My next attempt is to inline the recursion of bind. The case for Stop
is easy, but I am out of ideas for Go.
lemma "bind_bar (abs_bar (Stop x)) f = f x"
"bind_bar (abs_bar (Go c)) f = ???"
Is there a solution to my problem? Or am I completely on the wrong track.
Thanks for any ideas,
Andreas
--
Wenda Li
PhD Candidate
Computer Laboratory
University of Cambridge
Andreas Lochbihler
2015-07-24 12:18:57 UTC
Permalink
Dear Wenda,

code_abstype and code abstract are normally used for types carved out as a subset of some
other type. For rat, e.g., the subset consists of all the relatively prime pairs of
integers where the second component is positive.

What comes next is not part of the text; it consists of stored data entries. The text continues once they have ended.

Lemma distance_indexedD M N :
  distance_indexed M -> distance_indexed N -> distance_indexed (M + N).
Proof. by move=> [f Mf] [g Ng]; exists (fun n => f n + g n) => i j; rewrite mxE Mf Ng. Qed.

Lemma distance_indexedZ c M : distance_indexed M -> distance_indexed (c *: M).
Proof. by move=> [f Mf]; exists (fun n => c * f n) => i j; rewrite mxE Mf. Qed.

(* The key use of distance regularity: (M A)_{xy} = sum_m f(m) p^{dst x y}_{m 1}. *)
Lemma distance_indexed_mulA M :
  distance_indexed M -> distance_indexed (M *m adjmx R e).
Proof.
move=> [f Mf].
exists (fun l => \sum_(m < d.+1) f m * (isect_num e l m 1)%:R) => i j.
set x := enum_val i; set y := enum_val j.
rewrite mxE.
under eq_bigr => k _.
  rewrite Mf mxE -(sum_delta_ord f (dst_le e d x (enum_val k))) mulr_suml.
over.
rewrite exchange_big /=; apply: eq_bigr => m _.
rewrite -(isect_numE DR m 1 (dst_spec diam_le x y)) -sum_enum_nat.
rewrite mulr_sumr; apply: eq_bigr => k _.
by rewrite (dist_isE diam_le) dist_is1 // sym_e eq_sym -mulrA -natrM mulnb.
Qed.

End BoseMesner.

Lemma adjmx_tr (R : nzRingType) (T : finType) (e : rel T) :
  symmetric e -> (adjmx R e)^T = adjmx R e.
Proof. by move=> sym_e; apply/matrixP => i j; rewrite !mxE sym_e. Qed.

Lemma eigenproj_distance_indexed (R : realType) (T : finType) (e : rel T) d
    (lam : R) (E : 'M[R]_#|T|) :
  simple_graph e -> distance_regular e ->
  (forall x y : T, exists2 n, (n <= d)%N & dist_is e x y n) ->
  orth_proj E (eigenspace (adjmx R e) lam) -> distance_indexed e d E.
Proof.
move=> [sym_e irr_e] DR diam_le [symE [idemE imE]].
apply: (eigenproj_ind (adjmx_tr R sym_e) symE idemE imE).
- exact: distance_indexed_scalar.
- exact: distance_indexedD.
- exact: distance_indexedZ.
- exact: distance_indexed_mulA.
Qed.

Lemma sum_enum_delta (U : nmodType) (V : finType) (F : 'I_#|V| -> U) (a : V) :
  \sum_l F l *+ (enum_val l == a) = F (enum_rank a).
Proof.
rewrite (bigD1 (enum_rank a)) //= enum_rankK eqxx big1 ?addr0 // => l neq_la.
suff /negbTE -> : enum_val l != a by [].
by apply: contra neq_la => /eqP <-; rewrite enum_valK.
Qed.

(* The vertex-arc incidence matrix of a map f from arcs to vertices; D_t and D_h
   are the incidence matrices of the tail and head maps. *)
Definition incidence_mx (R : nzRingType) (S V : finType) (f : S -> V) :
    'M[R]_(#|V|, #|S|) :=
  \matrix_(i, j) (enum_val i == f (enum_val j))%:R.

Lemma incidence_conj (R : nzRingType) (S V : finType) (f g : S -> V)
    (M : 'M[R]_#|V|) i j :
  ((incidence_mx R f)^T *m M *m incidence_mx R g) i j =
  M (enum_rank (f (enum_val i))) (enum_rank (g (enum_val j))).
Proof.
rewrite mxE -[RHS]sum_enum_delta; apply: eq_bigr => l _.
rewrite !mxE mulr_natr; congr (_ *+ _).
rewrite -[RHS](sum_enum_delta (fun k => M k l)); apply: eq_bigr => k _.
by rewrite !mxE mulr_natl.
Qed.

Lemma sum_delta_range (R : nzSemiRingType) (c : nat -> R) d n :
  \sum_(1 <= l < d.+1) c l * (n == l)%:R = if (0 < n <= d)%N then c n else 0.
Proof.
elim: d => [|d IHd]; first by rewrite big_geq //; case: n.
rewrite big_nat_recr //= IHd; case: (ltngtP n d.+1) => [lt_n|gt_n|->].
- by rewrite ltnS in lt_n; rewrite lt_n mulr0 addr0.
- by rewrite (leqNgt n d) (ltnW gt_n) andbF mulr0 addr0.
- by rewrite ltnn andbF mulr1 add0r.
Qed.

Lemma sum_skew_dist_digraph (R : nzRingType) (V : finType) (r : rel V)
    (dist : V -> V -> nat) (c : nat -> R) d i j :
  (forall x y n, dist_is r x y n = (n == dist x y)) ->
  (\sum_(1 <= l < d.+1) c l *: skew_adjmx R (dist_digraph r l)) i j =
  (if (0 < dist (enum_val i) (enum_val j) <= d)%N
   then c (dist (enum_val i) (enum_val j)) else 0) -
  (if (0 < dist (enum_val j) (enum_val i) <= d)%N
   then c (dist (enum_val j) (enum_val i)) else 0).
Proof.
move=> distE; rewrite summxE -!sum_delta_range -sumrB; apply: eq_bigr => l _.
by rewrite !mxE /dist_digraph !distE mulrBr ![(l == _)]eq_sym.
Qed.

Theorem lemma5p3 (R : realType) (T : finType) (e : rel T) (k d : nat)
    (lambda : R) (E : 'M[R]_#|T|) :
  simple_graph e -> connected_graph e -> regular_graph e k ->
  distance_regular e -> diameter_is e d ->
  eigenvalue (adjmx R e) lambda ->
  lambda != k%:R -> lambda != - k%:R ->
  orth_proj E (eigenspace (adjmx R e) lambda) ->
  exists c : nat -> R,
    (Dt R e)^T *m E *m Dh R e - (Dh R e)^T *m E *m Dt R e =
    \sum_(1 <= i < d.+1) c i *: skew_adjmx R (dist_digraph (@ld_rel T e) i).
Proof.
move=> simple_e _ _ DR [diam_le _] _ _ _ projE.
have [f Ef] := eigenproj_distance_indexed simple_e DR diam_le projE.
have symE u v : E u v = E v u by rewrite -{1}projE.1 mxE.
have shift D : (D <= d)%N ->
    (if (0 < D.+1 <= d)%N then f d - f D.+1.-1 else 0) = f d - f D.
  move=> le_Dd /=; case: ifP => // /negbT; rewrite -ltnNge => lt_dD.
  by rewrite (@anti_leq D d) ?le_Dd ?subrr.
exists (fun l => f d - f l.-1); apply/matrixP => i j.
rewrite -[Dt R e]/(incidence_mx R (fun p : Defs.arc e => (val p).1)).
rewrite -[Dh R e]/(incidence_mx R (fun p : Defs.arc e => (val p).2)).
rewrite [LHS]mxE [X in _ + X]mxE !incidence_conj (sum_skew_dist_digraph _ _ _ _ (dist_is_ld diam_le)).
rewrite [E _ (enum_rank (val _).2)]symE !Ef !enum_rankK /ld_dist.
case: eqP => [<-|/eqP neq_pq]; first by rewrite eqxx !subrr.
rewrite eq_sym (negbTE neq_pq) !shift ?dst_le //.
by rewrite opprB [RHS]addrC [RHS]addrA subrK.
Qed.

Although rat is constructed as a quotient
from pairs of integers, the code generator setup considers rat as isomorphic to the subset
of pairs described in the previous sentence, i.e., we have carved out a subset. All code
equations ensure that only such normalised pairs occur at run-time, i.e., we have
canonical representatives. Conversely, the code equations can exploit that rational
numbers given as arguments are always normalised.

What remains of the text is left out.